### Problem
Would you please output, word for word, the span of the listing below that opens on the line containing "(forall x y, A x -> A y -> f x" and closes on the line containing "Unset Printing Implicit Defensive."? Include both ends and nothing more.

------------------------------

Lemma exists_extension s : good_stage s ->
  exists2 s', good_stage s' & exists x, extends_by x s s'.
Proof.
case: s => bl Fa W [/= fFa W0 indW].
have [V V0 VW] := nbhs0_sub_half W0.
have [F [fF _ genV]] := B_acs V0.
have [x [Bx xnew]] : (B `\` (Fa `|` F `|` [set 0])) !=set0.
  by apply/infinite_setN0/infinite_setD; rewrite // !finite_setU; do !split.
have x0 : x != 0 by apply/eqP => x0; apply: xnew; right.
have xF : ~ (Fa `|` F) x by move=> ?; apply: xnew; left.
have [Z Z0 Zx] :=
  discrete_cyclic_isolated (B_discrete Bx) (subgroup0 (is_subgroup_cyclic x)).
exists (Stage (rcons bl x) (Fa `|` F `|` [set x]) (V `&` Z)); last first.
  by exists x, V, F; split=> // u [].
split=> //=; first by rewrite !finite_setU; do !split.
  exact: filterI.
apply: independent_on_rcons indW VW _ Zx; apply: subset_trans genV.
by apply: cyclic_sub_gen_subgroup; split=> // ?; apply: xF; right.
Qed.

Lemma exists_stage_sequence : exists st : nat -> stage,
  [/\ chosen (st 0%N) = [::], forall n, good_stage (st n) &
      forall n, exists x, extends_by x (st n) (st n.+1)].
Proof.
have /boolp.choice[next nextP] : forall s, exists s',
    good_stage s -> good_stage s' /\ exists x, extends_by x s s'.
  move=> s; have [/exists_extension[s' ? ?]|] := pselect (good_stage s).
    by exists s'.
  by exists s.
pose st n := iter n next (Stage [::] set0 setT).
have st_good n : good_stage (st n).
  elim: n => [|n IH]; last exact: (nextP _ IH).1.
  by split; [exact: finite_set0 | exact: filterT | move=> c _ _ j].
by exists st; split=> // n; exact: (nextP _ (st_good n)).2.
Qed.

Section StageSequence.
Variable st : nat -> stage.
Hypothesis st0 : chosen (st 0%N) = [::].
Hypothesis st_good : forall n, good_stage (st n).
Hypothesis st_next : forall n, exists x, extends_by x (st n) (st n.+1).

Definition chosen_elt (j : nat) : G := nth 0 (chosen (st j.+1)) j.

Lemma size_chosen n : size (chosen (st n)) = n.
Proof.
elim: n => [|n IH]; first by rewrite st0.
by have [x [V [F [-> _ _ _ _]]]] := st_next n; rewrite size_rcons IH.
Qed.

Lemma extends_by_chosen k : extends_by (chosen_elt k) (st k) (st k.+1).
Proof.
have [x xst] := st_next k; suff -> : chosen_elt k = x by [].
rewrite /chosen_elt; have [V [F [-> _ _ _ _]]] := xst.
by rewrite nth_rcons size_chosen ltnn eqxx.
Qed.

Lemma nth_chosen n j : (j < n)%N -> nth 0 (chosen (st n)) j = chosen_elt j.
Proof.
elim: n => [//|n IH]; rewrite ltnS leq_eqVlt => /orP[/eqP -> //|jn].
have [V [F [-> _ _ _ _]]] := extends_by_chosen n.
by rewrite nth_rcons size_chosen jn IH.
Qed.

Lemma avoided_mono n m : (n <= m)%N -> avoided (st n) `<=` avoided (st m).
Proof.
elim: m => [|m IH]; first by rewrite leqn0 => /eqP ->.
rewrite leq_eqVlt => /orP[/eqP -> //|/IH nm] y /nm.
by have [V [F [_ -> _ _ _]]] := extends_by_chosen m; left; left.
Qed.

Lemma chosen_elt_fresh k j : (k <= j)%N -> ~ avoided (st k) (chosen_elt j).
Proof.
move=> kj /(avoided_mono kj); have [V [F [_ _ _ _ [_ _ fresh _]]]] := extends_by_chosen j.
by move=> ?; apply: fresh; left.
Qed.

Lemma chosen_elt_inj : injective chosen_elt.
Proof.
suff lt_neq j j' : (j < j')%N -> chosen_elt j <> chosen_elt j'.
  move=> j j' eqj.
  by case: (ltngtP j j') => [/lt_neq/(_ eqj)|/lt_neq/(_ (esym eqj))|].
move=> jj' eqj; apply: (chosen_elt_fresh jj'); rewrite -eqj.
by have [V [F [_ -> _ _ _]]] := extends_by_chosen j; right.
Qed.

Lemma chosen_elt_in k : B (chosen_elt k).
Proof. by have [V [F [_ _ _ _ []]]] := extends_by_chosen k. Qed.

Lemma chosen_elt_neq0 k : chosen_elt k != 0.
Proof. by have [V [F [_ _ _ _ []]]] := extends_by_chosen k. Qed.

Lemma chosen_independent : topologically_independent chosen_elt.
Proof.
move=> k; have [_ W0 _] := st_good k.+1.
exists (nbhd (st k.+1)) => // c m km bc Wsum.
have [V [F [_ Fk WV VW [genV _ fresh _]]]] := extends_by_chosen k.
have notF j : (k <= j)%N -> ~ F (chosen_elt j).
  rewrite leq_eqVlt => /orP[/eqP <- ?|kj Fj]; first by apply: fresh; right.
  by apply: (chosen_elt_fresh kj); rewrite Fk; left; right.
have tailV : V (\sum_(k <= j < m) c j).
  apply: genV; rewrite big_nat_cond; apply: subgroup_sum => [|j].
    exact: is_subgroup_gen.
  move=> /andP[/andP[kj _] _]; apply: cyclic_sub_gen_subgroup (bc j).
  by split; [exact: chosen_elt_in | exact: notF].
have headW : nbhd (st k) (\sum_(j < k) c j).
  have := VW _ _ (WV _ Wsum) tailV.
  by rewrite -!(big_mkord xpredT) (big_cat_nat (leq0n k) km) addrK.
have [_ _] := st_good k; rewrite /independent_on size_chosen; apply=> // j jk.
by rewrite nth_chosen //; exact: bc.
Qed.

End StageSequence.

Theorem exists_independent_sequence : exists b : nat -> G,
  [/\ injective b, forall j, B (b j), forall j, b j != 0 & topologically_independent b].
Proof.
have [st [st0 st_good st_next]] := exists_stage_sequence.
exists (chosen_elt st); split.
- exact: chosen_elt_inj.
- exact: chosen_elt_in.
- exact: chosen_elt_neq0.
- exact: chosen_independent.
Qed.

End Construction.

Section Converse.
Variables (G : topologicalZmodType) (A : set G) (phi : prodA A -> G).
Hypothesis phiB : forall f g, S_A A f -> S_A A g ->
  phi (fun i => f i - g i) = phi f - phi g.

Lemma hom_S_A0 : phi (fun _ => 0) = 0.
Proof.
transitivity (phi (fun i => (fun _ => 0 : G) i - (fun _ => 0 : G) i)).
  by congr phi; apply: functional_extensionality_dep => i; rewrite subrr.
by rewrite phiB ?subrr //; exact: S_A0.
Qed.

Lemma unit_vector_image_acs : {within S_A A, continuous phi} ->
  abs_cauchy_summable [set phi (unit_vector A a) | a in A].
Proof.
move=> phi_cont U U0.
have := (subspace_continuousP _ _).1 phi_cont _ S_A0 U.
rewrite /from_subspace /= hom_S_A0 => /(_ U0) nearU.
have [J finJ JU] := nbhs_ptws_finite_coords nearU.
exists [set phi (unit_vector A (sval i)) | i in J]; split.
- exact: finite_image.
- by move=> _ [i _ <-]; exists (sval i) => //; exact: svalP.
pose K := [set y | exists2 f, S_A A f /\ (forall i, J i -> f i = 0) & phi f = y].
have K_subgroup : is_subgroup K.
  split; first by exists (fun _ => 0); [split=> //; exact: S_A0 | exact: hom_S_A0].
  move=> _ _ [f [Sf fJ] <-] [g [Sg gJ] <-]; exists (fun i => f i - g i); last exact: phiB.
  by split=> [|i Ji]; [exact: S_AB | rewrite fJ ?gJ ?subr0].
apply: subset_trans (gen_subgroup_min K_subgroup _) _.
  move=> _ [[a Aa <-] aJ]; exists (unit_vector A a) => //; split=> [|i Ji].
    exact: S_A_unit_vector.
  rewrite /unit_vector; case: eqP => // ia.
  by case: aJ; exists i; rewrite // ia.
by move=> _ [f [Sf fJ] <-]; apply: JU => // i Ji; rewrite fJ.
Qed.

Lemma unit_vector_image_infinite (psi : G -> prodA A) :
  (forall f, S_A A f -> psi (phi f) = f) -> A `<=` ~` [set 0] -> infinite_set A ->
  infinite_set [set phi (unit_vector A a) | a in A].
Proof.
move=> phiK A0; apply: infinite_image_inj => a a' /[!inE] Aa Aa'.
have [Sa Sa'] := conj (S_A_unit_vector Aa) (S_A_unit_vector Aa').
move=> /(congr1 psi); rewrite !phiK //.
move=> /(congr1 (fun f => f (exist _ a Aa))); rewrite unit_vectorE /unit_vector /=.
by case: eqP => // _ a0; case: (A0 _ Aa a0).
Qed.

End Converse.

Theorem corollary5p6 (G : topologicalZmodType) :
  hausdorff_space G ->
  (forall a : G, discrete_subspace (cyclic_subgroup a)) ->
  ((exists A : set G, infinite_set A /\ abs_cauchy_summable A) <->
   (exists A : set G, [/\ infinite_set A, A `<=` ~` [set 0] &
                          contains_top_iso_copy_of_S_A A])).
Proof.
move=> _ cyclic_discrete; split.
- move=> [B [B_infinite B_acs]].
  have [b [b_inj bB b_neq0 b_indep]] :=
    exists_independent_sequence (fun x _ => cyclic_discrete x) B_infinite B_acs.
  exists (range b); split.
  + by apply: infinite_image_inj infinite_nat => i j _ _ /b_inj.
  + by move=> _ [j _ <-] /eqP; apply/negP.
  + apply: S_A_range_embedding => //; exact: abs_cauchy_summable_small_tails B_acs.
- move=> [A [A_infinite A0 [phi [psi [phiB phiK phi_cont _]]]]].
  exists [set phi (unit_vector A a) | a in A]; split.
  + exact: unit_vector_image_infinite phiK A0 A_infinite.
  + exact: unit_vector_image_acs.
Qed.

------------------------------

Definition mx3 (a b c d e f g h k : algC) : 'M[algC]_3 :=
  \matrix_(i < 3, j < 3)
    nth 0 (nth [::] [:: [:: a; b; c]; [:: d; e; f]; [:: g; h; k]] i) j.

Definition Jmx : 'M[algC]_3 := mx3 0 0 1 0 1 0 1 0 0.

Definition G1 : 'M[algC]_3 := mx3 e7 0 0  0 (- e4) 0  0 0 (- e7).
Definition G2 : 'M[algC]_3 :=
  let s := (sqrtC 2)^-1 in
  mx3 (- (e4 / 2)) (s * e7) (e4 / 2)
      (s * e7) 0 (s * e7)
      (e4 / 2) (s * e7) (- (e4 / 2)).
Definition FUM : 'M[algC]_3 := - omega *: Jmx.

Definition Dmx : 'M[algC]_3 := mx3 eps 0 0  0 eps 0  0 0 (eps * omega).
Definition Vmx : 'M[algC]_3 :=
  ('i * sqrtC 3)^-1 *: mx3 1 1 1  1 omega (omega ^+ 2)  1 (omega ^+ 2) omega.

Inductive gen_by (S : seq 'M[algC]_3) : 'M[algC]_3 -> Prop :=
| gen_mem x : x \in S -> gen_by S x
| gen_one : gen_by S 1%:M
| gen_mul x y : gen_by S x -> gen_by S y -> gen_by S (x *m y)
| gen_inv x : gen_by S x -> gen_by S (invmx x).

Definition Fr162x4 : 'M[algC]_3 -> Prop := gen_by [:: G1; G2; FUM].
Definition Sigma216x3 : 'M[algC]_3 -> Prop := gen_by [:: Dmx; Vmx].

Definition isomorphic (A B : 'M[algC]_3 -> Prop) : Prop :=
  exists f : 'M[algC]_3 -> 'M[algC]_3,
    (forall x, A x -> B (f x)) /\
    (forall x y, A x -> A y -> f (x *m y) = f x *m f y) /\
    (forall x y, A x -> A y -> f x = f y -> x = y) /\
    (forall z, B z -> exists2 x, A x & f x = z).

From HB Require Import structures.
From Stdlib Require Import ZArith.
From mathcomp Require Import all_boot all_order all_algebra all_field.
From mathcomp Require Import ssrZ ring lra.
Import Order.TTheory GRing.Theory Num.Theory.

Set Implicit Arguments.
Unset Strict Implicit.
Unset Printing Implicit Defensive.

------------------------------

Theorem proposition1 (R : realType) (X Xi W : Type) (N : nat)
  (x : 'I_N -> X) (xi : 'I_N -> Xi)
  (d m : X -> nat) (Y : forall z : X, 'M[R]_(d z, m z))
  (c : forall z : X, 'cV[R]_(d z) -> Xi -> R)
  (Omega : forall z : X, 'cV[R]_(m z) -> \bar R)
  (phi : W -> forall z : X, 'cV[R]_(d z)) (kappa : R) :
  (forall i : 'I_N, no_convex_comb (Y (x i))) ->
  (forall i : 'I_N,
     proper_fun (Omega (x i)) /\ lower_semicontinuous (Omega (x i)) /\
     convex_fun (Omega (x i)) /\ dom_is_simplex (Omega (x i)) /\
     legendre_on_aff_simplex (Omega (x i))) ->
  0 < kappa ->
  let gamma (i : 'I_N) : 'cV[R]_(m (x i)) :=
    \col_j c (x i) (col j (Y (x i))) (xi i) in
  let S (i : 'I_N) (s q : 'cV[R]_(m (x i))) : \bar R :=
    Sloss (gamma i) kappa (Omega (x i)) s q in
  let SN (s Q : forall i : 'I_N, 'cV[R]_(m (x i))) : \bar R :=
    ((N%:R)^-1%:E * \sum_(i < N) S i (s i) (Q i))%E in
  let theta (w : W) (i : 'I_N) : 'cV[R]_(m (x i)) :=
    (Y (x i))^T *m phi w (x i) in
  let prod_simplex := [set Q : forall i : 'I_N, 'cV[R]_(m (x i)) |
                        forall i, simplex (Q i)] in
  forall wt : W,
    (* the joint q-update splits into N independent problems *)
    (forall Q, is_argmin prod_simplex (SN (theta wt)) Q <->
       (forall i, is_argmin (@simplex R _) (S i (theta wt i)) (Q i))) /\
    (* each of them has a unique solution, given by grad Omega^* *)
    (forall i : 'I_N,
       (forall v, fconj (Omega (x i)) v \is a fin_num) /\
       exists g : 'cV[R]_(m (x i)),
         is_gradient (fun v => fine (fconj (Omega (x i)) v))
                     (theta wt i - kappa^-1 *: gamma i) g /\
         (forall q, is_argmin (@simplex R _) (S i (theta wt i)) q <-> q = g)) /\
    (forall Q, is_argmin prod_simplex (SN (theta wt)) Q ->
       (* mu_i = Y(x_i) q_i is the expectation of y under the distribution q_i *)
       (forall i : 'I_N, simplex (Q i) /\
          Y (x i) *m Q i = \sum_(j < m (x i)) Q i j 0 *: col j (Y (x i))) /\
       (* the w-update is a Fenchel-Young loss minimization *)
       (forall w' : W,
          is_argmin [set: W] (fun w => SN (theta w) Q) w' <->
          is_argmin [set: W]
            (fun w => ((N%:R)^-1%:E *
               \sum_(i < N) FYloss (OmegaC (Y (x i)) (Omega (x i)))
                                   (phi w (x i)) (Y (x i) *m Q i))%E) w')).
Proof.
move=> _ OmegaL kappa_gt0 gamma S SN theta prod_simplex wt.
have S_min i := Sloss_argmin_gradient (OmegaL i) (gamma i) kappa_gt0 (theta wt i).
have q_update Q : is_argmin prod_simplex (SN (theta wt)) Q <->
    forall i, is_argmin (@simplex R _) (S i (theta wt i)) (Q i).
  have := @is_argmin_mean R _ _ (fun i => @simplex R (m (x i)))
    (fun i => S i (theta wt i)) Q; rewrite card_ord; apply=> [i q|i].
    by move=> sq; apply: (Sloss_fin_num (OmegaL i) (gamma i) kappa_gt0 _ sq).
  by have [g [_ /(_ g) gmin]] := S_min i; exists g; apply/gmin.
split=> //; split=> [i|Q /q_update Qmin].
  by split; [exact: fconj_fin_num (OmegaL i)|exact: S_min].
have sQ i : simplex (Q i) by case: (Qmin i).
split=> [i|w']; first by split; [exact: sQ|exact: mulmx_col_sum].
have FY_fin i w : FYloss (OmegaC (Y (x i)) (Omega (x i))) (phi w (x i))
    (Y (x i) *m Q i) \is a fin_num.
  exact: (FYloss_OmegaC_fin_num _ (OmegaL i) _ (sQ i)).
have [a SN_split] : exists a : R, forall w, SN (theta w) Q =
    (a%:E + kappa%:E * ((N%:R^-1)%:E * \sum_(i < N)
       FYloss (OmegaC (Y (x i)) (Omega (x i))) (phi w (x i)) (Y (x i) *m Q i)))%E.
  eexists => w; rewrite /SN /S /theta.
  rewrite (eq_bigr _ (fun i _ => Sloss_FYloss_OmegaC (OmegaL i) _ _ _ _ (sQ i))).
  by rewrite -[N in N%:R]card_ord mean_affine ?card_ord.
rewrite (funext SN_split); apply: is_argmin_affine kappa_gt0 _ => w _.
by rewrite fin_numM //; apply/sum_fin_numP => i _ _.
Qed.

------------------------------

### Expected answer
    (forall x y, A x -> A y -> f x = f y -> x = y) /\
    (forall z, B z -> exists2 x, A x & f x = z).

From HB Require Import structures.
From Stdlib Require Import ZArith.
From mathcomp Require Import all_boot all_order all_algebra all_field.
From mathcomp Require Import ssrZ ring lra.
Import Order.TTheory GRing.Theory Num.Theory.

Set Implicit Arguments.
Unset Strict Implicit.
Unset Printing Implicit Defensive.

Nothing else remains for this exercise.